Is sea bass totally off the menu these days?
No it’s not, but the guide advice is to buy the farmed fish. In 2015, sea bass was in “real trouble”, says Coombs. “They were quite concerned about stocks and brought in emergency management measures and it has been recovering. We’re a still bit worried about wild sea bass as stocks are not where they should be. Going for the farmed option takes the pressure off the wild population while it’s still recovering.”
Is farmed or wild fish better from an environmental point of view?
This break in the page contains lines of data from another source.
Lemma card_soc_gt1 : (1 < q)%N.
Proof.
have [m ms m0] := soc_neq0.
have sub : [set 0; m] \subset left_soc S by rewrite subUset !sub1set ms ideal0 ?soc_ideal.
by rewrite -card_soc; apply: leq_trans (subset_leq_card sub); rewrite cards2 eq_sym m0.
Qed.

(* The co-weight sums to 0 over every nonzero principal left ideal: R y
   contains the socle, which carries 1 + (q - 1) * (-1/(q - 1)) = 0. *)
Lemma sum_coweight y : y != 0 -> \sum_(v in lprin y) coweight (soc_coef q) v = 0.
Proof.
move=> y0; have soc0 : (0 : S) \in left_soc S by rewrite ideal0 ?soc_ideal.
rewrite (big_setID (left_soc S)) /= (setIidPr (soc_sub_lprin y0)).
rewrite [X in _ + X]big1 ?addr0 => [|v /setDP[_ vs]]; last first.
  by rewrite /coweight (negPf vs); case: eqP vs => // ->; rewrite soc0.
rewrite (big_setD1 0) //= coweight0 (eq_bigr (fun _ => soc_coef q)) => [|v /setD1P[v0 vs]].
  rewrite sumr_const; have -> : #|left_soc S :\ 0| = q.-1.
    by have := cardsD1 0 (left_soc S); rewrite soc0 card_soc add1n => ->.
  rewrite /soc_coef mulNrn -[_^-1 *+ _]mulr_natr mulVf ?subrr // pnatr_eq0.
  by case: q card_soc_gt1 => [|[]].
by rewrite /coweight (negPf v0) vs.
Qed.

End LocalRing.

Section ProductRing.
Variables (R : finPzRingType) (I : finType) (S : I -> finPzRingType).
Variable p : forall k, {rmorphism R -> S k}.
Hypothesis p_inj : forall x y : R, (forall k, p k x = p k y) -> x = y.
Hypothesis p_surj : forall g : (forall k, S k), exists x : R, forall k, p k x = g k.
Implicit Types (x y : R) (k : I) (w : R -> rat).

Lemma exists_glue (g : forall k, S k) : exists x, [forall k, p k x == g k].
Proof. by have [x xg] := p_surj g; exists x; apply/forallP => k; rewrite xg. Qed.

Definition glue (g : forall k, S k) : R := xchoose (exists_glue g).

Lemma p_glue g k : p k (glue g) = g k.
Proof. exact/eqP/(forallP (xchooseP (exists_glue g))). Qed.

Definition embed k0 (s : S k0) : R := glue (dfwith (fun k => 0 : S k) s).

Lemma p_embed k0 (s : S k0) : p k0 (embed s) = s.
Proof. by rewrite p_glue dfwith_in. Qed.

Lemma p_embed_out k0 (s : S k0) k : k0 != k -> p k (embed s) = 0.
Proof. by move=> k0k; rewrite p_glue dfwith_out. Qed.

Lemma p0 k : p k 0 = 0. Proof. exact: rmorph0. Qed.

Lemma eq_at k0 x y : (forall k, k0 != k -> p k x = 0) ->
  (forall k, k0 != k -> p k y = 0) -> p k0 x = p k0 y -> x = y.
Proof.
move=> x0 y0 xy; apply: p_inj => k; case: (eqVneq k0 k) => [<- // | k0k].
by rewrite x0 ?y0.
Qed.

Lemma embed0 k0 : embed (0 : S k0) = 0.
Proof. by apply: (eq_at (k0 := k0)) => [k /p_embed_out|k _|]; rewrite ?p0 ?p_embed. Qed.

Lemma embed_eq0 k0 (s : S k0) : (embed s == 0) = (s == 0).
Proof. by apply/eqP/eqP => [es0 | ->]; [rewrite -(p_embed s) es0 p0 | apply: embed0]. Qed.

Lemma mul_embed k0 (s : S k0) r : r * embed s = embed (p k0 r * s).
Proof.
apply: (eq_at (k0 := k0)) => [k k0k|k /p_embed_out //|].
  by rewrite rmorphM p_embed_out // mulr0.
by rewrite rmorphM !p_embed.
Qed.

Lemma embed_mul k0 (s : S k0) y : embed s * y = embed (s * p k0 y).
Proof.
apply: (eq_at (k0 := k0)) => [k k0k|k /p_embed_out //|].
  by rewrite rmorphM p_embed_out // mul0r.
by rewrite rmorphM !p_embed.
Qed.

Lemma sum_embed x : x = \sum_k embed (p k x).
Proof.
apply: p_inj => k; rewrite rmorph_sum (bigD1 k) //= p_embed big1 ?addr0 // => k' k'k.
by rewrite p_embed_out.
Qed.

Lemma nonzero_component x : x != 0 -> exists k, p k x != 0.
Proof.
move=> x0; apply/existsP; apply: contraR x0 => /existsPn p_x0.
by apply/eqP/p_inj => k; rewrite p0; apply/eqP/negbNE.
Qed.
Neither. Both systems have good options and really unsustainable ones. Wild capture fisheries can be harmful to the seabed and result in unwanted bycatch, while aquaculture can affect the environment through pollution from chemicals, escaped fish and disease. For farmed fish customers should seek out the ASC or “RSPCA-assured” labels for peace of mind. Waitrose, for example, says its “responsible seafood” policy considers issues pertinent to each system, with catch method most relevant for wild fish, while responsible sourcing of feed applies to farmed.
Should I just buy Omega 3 pills instead? Where does that fish oil come from?
Swallowing a golden-coloured fish oil supplement is often touted as a way of getting a health-boosting shot of omega-3 nutrients every day without having to eat any fish. While some fish oil is made from cod, mackerel or sardines, most of its comes from Peruvian anchovetas, a type of anchovy, with the Guardian reporting concerns about overfishing and environmental damage caused by the industry. There are, however, a growing number of supplements badged as containing sustainable fish oil on the shelves of specialist stores like Holland & Barrett as well as in the supermarket, with Tesco and Morrisons offering them in their own brand ranges.